Directions.
Wherever a line in the data holds the word "auto", pull that line out.
── Data ──
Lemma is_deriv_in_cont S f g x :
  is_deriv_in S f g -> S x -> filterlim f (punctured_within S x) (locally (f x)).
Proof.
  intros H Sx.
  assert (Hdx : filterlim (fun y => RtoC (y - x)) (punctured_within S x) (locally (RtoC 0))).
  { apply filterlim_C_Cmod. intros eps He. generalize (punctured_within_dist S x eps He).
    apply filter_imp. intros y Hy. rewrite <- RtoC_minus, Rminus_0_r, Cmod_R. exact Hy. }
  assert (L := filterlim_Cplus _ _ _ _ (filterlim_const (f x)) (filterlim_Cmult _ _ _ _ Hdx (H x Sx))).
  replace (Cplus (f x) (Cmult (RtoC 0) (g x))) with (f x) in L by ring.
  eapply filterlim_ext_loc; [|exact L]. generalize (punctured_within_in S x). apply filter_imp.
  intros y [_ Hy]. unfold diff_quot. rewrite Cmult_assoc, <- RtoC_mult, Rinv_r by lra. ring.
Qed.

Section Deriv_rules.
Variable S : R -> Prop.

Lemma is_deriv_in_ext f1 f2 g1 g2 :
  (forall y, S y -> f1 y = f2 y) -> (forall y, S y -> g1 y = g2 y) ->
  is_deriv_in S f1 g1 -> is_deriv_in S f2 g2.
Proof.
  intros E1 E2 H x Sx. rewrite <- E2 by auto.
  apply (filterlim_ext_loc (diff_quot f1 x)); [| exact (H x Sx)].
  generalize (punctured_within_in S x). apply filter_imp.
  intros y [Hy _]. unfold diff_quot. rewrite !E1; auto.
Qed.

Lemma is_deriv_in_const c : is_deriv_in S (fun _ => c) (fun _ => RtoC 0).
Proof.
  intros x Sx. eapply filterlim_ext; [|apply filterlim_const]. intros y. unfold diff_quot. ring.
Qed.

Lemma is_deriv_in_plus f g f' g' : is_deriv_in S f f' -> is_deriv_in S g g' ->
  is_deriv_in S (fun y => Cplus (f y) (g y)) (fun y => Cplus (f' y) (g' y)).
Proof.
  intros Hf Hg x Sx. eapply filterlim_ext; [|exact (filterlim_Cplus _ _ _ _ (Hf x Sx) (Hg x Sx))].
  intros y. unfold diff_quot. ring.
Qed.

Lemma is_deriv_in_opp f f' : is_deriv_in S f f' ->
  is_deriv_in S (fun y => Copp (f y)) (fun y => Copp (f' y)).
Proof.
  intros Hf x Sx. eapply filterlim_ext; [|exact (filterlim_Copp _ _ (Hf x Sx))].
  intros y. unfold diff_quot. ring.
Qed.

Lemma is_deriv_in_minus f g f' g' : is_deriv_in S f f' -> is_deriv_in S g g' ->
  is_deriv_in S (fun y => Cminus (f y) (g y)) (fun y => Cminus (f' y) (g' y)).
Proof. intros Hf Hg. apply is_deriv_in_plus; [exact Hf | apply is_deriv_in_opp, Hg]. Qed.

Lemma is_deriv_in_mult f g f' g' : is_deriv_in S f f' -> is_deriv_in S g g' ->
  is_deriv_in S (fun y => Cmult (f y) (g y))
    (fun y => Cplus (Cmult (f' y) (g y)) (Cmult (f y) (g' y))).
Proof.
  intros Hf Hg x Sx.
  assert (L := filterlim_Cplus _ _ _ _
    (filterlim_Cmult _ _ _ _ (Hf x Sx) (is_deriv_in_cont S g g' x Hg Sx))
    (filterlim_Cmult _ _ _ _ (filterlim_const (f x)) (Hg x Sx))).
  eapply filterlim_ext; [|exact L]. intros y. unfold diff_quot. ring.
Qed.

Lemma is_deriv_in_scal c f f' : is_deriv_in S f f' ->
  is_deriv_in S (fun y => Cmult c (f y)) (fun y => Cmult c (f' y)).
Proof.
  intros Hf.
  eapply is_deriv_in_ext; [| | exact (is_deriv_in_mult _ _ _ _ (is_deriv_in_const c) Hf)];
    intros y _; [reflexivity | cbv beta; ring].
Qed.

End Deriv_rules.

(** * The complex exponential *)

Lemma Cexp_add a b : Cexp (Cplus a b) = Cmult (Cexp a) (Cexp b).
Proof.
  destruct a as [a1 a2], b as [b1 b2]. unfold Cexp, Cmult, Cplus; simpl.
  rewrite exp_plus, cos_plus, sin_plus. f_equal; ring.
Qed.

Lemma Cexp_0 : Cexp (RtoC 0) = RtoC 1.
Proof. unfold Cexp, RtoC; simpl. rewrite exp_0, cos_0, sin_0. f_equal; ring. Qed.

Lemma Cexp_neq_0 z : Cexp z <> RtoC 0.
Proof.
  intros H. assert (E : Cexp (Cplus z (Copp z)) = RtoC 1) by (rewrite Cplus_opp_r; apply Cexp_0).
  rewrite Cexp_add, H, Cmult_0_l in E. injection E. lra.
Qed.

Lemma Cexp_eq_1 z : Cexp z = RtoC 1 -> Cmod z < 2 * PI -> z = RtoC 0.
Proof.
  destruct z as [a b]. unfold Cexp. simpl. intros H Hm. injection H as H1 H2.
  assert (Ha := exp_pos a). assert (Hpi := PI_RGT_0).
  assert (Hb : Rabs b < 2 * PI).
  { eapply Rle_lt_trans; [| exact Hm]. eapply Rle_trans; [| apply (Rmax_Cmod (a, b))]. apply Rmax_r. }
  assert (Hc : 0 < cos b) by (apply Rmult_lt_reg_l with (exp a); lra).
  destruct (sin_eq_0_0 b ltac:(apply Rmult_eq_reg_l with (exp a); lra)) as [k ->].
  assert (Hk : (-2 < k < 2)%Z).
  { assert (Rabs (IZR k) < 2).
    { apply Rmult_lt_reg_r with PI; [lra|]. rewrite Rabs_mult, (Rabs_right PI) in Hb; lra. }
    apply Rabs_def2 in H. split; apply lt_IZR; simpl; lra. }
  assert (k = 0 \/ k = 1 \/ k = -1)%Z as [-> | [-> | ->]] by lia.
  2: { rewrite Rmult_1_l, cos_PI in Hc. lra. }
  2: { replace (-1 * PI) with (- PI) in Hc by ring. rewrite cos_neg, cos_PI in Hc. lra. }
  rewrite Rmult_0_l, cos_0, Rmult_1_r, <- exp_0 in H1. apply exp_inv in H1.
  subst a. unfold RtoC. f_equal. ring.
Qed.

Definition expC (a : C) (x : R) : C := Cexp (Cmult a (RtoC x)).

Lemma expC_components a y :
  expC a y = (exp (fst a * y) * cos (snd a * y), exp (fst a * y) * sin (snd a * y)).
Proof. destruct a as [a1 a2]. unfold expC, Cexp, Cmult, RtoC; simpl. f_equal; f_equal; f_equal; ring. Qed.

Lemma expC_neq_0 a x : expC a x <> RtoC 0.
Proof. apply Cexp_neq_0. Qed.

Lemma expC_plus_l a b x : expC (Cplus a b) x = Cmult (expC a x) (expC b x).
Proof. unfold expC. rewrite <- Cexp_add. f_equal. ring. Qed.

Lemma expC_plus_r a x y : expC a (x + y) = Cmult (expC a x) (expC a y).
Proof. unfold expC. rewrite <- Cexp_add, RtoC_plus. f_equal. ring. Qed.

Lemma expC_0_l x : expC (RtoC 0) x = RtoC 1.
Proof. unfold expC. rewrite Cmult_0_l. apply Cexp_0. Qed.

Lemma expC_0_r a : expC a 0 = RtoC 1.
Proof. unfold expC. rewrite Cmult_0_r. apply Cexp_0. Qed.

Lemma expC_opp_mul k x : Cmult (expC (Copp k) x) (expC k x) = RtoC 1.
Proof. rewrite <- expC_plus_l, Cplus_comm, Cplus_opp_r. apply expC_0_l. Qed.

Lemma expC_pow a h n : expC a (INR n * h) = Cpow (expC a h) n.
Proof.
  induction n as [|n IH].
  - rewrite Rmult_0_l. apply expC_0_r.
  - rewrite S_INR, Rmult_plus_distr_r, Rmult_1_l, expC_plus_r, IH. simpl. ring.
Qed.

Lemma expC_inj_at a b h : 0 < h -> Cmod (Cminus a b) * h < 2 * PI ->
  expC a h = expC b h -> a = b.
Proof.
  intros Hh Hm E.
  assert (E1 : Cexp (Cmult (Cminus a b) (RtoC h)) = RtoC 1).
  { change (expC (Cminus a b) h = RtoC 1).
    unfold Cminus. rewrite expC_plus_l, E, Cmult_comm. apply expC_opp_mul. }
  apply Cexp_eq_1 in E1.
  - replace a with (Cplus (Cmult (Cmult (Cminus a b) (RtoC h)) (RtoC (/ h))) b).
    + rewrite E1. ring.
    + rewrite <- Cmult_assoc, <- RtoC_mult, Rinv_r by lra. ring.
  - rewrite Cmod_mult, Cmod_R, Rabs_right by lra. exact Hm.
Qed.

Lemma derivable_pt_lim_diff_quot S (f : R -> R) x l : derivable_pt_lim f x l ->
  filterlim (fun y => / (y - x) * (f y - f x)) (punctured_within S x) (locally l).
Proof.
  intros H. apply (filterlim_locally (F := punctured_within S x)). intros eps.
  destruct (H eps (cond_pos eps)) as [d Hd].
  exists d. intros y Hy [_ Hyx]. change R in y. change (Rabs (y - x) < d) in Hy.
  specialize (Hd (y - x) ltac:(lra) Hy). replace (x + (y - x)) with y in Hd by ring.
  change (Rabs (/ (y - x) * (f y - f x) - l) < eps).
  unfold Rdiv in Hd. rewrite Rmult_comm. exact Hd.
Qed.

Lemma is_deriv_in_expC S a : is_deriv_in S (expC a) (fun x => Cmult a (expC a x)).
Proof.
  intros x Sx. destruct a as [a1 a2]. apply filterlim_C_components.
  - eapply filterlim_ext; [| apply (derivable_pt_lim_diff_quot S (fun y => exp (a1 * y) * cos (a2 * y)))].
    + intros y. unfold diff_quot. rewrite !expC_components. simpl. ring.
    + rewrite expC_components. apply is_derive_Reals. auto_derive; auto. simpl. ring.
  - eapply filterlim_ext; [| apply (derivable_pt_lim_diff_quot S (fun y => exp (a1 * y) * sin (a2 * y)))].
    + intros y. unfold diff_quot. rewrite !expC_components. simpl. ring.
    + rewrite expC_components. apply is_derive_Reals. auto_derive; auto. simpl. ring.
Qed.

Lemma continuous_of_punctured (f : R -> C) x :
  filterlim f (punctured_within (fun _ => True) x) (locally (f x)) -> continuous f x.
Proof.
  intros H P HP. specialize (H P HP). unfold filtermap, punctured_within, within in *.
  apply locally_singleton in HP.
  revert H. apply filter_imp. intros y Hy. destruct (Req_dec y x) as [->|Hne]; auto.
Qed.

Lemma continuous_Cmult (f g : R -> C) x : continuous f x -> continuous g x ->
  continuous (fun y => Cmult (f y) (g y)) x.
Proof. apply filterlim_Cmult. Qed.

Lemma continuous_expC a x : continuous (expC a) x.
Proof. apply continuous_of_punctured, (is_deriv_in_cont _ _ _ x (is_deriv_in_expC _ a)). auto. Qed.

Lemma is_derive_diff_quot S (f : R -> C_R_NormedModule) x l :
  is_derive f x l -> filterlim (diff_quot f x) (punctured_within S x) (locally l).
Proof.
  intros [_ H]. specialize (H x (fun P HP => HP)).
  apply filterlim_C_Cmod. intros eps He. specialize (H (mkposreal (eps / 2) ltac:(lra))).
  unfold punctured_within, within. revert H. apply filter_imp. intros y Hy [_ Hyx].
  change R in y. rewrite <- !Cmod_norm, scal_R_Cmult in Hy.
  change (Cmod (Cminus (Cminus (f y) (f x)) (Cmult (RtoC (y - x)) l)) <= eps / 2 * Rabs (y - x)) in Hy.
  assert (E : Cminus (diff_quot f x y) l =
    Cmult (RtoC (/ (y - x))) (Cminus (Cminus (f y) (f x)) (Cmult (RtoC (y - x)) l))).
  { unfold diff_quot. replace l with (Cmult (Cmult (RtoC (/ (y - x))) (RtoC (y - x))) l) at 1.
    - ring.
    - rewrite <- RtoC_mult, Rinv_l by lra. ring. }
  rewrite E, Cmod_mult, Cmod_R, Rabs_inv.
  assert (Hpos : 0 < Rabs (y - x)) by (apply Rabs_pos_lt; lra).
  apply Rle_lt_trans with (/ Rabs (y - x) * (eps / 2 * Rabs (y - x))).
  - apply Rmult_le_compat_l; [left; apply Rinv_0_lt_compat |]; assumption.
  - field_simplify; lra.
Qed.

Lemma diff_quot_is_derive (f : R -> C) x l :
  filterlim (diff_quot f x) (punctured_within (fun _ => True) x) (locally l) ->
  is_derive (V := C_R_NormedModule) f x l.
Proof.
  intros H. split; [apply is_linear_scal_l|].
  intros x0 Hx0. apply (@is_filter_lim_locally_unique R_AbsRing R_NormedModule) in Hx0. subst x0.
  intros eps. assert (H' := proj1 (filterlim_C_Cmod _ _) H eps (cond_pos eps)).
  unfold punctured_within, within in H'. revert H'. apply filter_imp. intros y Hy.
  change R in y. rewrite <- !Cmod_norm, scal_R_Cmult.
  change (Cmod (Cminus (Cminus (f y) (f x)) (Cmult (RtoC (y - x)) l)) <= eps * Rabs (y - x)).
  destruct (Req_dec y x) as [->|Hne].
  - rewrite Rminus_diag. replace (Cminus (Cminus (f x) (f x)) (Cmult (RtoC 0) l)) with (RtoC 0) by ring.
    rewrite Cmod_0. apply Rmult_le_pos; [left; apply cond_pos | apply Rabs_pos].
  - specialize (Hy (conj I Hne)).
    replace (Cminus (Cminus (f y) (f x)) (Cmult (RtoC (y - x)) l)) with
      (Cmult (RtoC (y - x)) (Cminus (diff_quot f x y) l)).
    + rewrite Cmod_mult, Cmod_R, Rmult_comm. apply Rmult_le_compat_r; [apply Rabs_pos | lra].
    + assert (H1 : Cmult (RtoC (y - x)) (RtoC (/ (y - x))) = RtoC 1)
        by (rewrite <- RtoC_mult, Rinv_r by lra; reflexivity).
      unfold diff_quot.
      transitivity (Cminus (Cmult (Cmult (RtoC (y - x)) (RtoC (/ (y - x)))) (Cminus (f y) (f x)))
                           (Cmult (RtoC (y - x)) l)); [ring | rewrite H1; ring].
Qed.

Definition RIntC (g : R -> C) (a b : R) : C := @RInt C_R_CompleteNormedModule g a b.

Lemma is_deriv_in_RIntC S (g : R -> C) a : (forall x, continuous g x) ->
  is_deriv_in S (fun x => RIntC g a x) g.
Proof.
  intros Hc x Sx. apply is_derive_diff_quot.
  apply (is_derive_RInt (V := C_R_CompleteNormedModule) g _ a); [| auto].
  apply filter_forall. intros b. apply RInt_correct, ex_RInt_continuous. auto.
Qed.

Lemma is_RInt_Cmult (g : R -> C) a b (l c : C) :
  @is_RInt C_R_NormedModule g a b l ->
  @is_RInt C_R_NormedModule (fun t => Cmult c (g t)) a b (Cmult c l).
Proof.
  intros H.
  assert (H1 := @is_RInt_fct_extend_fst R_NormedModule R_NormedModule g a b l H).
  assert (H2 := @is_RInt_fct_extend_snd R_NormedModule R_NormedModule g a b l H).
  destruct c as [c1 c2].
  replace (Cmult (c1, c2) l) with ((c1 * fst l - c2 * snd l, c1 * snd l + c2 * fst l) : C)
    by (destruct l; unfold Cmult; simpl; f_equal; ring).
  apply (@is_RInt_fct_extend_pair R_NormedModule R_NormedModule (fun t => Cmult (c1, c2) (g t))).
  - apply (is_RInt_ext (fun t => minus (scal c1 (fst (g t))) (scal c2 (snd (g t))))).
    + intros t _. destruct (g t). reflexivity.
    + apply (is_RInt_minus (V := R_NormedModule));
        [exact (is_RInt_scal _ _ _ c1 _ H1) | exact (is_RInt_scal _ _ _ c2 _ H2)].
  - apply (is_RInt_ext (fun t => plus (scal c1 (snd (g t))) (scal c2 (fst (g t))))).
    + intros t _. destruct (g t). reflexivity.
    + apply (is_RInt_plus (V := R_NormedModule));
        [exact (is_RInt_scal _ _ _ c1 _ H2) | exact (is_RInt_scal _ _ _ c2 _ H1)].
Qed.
───
Your solution.
  intros E1 E2 H x Sx. rewrite <- E2 by auto.
  intros y [Hy _]. unfold diff_quot. rewrite !E1; auto.
    + rewrite expC_components. apply is_derive_Reals. auto_derive; auto. simpl. ring.
    + rewrite expC_components. apply is_derive_Reals. auto_derive; auto. simpl. ring.
  revert H. apply filter_imp. intros y Hy. destruct (Req_dec y x) as [->|Hne]; auto.
Proof. apply continuous_of_punctured, (is_deriv_in_cont _ _ _ x (is_deriv_in_expC _ a)). auto. Qed.
  apply (is_derive_RInt (V := C_R_CompleteNormedModule) g _ a); [| auto].
  apply filter_forall. intros b. apply RInt_correct, ex_RInt_continuous. auto.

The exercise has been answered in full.